Dataset extract:
Lemma sum_by_parts : E = \sum_(i < n) (n - i)%:R * (e i.+1 - e i).
Proof.
rewrite /E; elim: n => [|m IH]; first by rewrite !big_ord0.
rewrite !big_ord_recr /= IH subSnn mul1r.
have -> : \sum_(i < m) (m.+1 - i)%:R * (e i.+1 - e i) =
          \sum_(i < m) (m - i)%:R * (e i.+1 - e i) + \sum_(i < m) (e i.+1 - e i).
  rewrite -big_split /=; apply: eq_bigr => i _.
  by rewrite subSn 1?ltnW // -addn1 natrD; ring.
rewrite -(big_mkord xpredT (fun i => e i.+1 - e i)) telescope_sumr // e0 subr0.
ring.
Qed.

Lemma exists_levels_rounding k : (0 < n)%N -> (k <= N)%N -> ((N - k).*2 <= n.+1)%N ->
  exists s : seq nat, [/\ (size s <= n)%N, all (leq^~ n) s, (k <= sumn s)%N &
    N%:R * \sum_(v <- s) e v <= k%:R * E].
Proof.
move=> n_gt0 le_k_N small_gap; set D := (N - k)%N.
have N2 := triangular_double n; rewrite -/N in N2.
have leDn : (D <= n)%N by lia.
have N_gt0 : 0 < N%:R :> R by rewrite ltr0n; nia.
pose p (i : 'I_n) := (n - i)%:R * D%:R / N%:R : R.
have p01 i : 0 <= p i <= 1.
  rewrite divr_ge0 ?mulr_ge0 //= ler_pdivrMr // mul1r -natrM ler_nat.
  by apply: leq_trans (leq_mul (leq_subr i n) (leqnn D)) _; nia.
have sum_p : \sum_i p i = D%:R.
  by rewrite -!mulr_suml -natr_sum triangular_sum_rev_ord mulrAC divff ?mul1r ?gt_eqF.
have [T [cardT T_ge]] := exists_subset_sum_ge_weighted (fun i : 'I_n => e i.+1 - e i)
  leDn p01 sum_p.
exists [seq (i.+1 - (i \in T))%N | i : 'I_n <- enum 'I_n]; split.
- by rewrite size_map size_enum_ord.
- by apply/allP => v /mapP[i _ ->]; apply: leq_trans (leq_subr _ _) (ltn_ord i).
- have : (sumn [seq (i.+1 - (i \in T))%N | i : 'I_n <- enum 'I_n] + #|T| = N)%N.
    rewrite sumnE big_map big_enum /= -sum1_card /N -triangular_sum_ord (big_mkcond (mem T)).
    rewrite -big_split /=.
    by apply: eq_bigr => i _; case: (i \in T) => /=; have := ltn_ord i; lia.
  lia.
- have -> : \sum_(v <- [seq (i.+1 - (i \in T))%N | i : 'I_n <- enum 'I_n]) e v =
            E - \sum_(i in T) (e i.+1 - e i).
    rewrite big_map big_enum /E (big_mkcond (mem T)) -sumrB /=.
    by apply: eq_bigr => i _; case: (i \in T) => /=; rewrite ?subn1 /=; ring.
  have : D%:R / N%:R * E <= \sum_(i in T) (e i.+1 - e i).
    apply: le_trans T_ge; rewrite sum_by_parts mulr_sumr.
    by rewrite [X in X <= _](eq_bigr (fun i => p i * (e i.+1 - e i))) // => i _; rewrite /p; ring.
  rewrite mulrAC ler_pdivrMr // => DE_le.
  have -> : k%:R = N%:R - D%:R :> R by rewrite -natrB ?leq_subr // subKn.
  lra.
Qed.

Lemma triangular_double_natr : 2 * N%:R = n%:R * n.+1%:R :> R.
Proof. by rewrite -[RHS]natrM -triangular_double -mul2n natrM. Qed.

Lemma sum_levels_from1 : \sum_(1 <= i < n.+1) e i = E.
Proof. by rewrite big_add1 /= big_mkord. Qed.

Lemma sum_levels_from0 : \sum_(0 <= i < n.+1) e i = E.
Proof. by rewrite big_nat_recl // e0 add0r big_mkord. Qed.

Lemma exists_pair_sum_succ : (0 < n)%N ->
  exists2 a, (1 <= a <= n)%N & n%:R * (e a + e (n.+1 - a)) <= 2 * E.
Proof.
move=> n_gt0; have [a a_in mean_a] := exists_pair_le_mean e n_gt0.
by exists a => //; rewrite sum_levels_from1 subn1 prednK in mean_a.
Qed.

Lemma exists_pair_sum_n :
  exists2 c, (c <= n)%N & n.+1%:R * (e c + e (n - c)) <= 2 * E.
Proof.
have [c c_in mean_c] := exists_pair_le_mean e (leq0n n).
by exists c; rewrite // sum_levels_from0 subn0 in mean_c.
Qed.

Lemma exists_base_levels_gt j : (j < n)%N ->
  exists s : seq nat, [/\ (size s <= 4)%N, all (leq^~ n) s, sumn s = (n.+1 + j)%N &
    N%:R * \sum_(v <- s) e v <= (n.+1 + j)%:R * E].
Proof.
move=> lt_j_n; set S := \sum_(0 <= i < j.+1) e i.
have [p p_in mean_p] := exists_pair_le_mean e (leq0n j).
have [a a_in mean_a] := exists_pair_sum_succ (leq_ltn_trans (leq0n j) lt_j_n).
have [y y_in mean_y] := exists_pair_le_mean e (lt_j_n : (j.+1 <= n)%N).
have sum_upper : \sum_(j.+1 <= i < n.+1) e i = E - S.
  rewrite -sum_levels_from0 (big_cat_nat (leq0n j.+1)) /=; last by lia.
  by rewrite /S; ring.
rewrite subn0 add0n -/S in mean_p; rewrite sum_upper subnSK // in mean_y.
set cX := e p + e (j - p) + (e a + e (n.+1 - a)).
set cY := e y + e (j.+1 + n - y).
have avg : j.+1%:R * n%:R * cX + (n - j)%:R * n%:R * cY <= 2 * (n.+1 + j)%:R * E.
  have := ler_wpM2l (ler0n R n) mean_p; have := ler_wpM2l (ler0n R j.+1) mean_a.
  have := ler_wpM2l (ler0n R n) mean_y; rewrite natrD -!natr1 /cX /cY.
  lra.
have bound_min c : c <= cX -> c <= cY -> N%:R * c <= (n.+1 + j)%:R * E.
  move=> le_cX le_cY.
  have := ler_wpM2l (ler0n R (j.+1 * n)) le_cX.
  have := ler_wpM2l (ler0n R ((n - j) * n)) le_cY.
  have := congr1 ( *%R^~ c) triangular_double_natr.
  rewrite natrD !natrM natrB 1?ltnW // -!natr1 in avg *.
  lra.
case: (leP cX cY) => [le_XY | lt_YX].
  exists [:: p; j - p; a; n.+1 - a]%N; split=> /=; try lia.
  by rewrite !big_cons big_nil addr0 addrA bound_min.
exists [:: y; j.+1 + n - y]%N; split=> /=; try lia.
by rewrite !big_cons big_nil addr0 bound_min // ltW.
Qed.

Lemma exists_base_levels r : (n <= r <= n + n)%N ->
  exists s : seq nat, [/\ (size s <= if r == n then 2 else 4)%N, all (leq^~ n) s,
    sumn s = r & N%:R * \sum_(v <- s) e v <= r%:R * E].
Proof.
case: (eqVneq r n) => [-> _ | ne_rn r_in]; last first.
  have [|s] := exists_base_levels_gt (j := (r - n.+1)%N); first lia.
  by rewrite subnKC; [exists s | lia].
have [c c_le mean_c] := exists_pair_sum_n.
exists [:: c; n - c]%N; split=> //=; try lia.
rewrite !big_cons big_nil addr0.
have := ler_wpM2l (ler0n R n) mean_c.
have := congr1 ( *%R^~ (e c + e (n - c))) triangular_double_natr.
rewrite -natr1; lra.
Qed.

What you need to do: Filter the data above down to lines with the word "Lemma", and copy them.

Written reply:
Lemma sum_by_parts : E = \sum_(i < n) (n - i)%:R * (e i.+1 - e i).
Lemma exists_levels_rounding k : (0 < n)%N -> (k <= N)%N -> ((N - k).*2 <= n.+1)%N ->
Lemma triangular_double_natr : 2 * N%:R = n%:R * n.+1%:R :> R.
Lemma sum_levels_from1 : \sum_(1 <= i < n.+1) e i = E.
Lemma sum_levels_from0 : \sum_(0 <= i < n.+1) e i = E.
Lemma exists_pair_sum_succ : (0 < n)%N ->
Lemma exists_pair_sum_n :
Lemma exists_base_levels_gt j : (j < n)%N ->
Lemma exists_base_levels r : (n <= r <= n + n)%N ->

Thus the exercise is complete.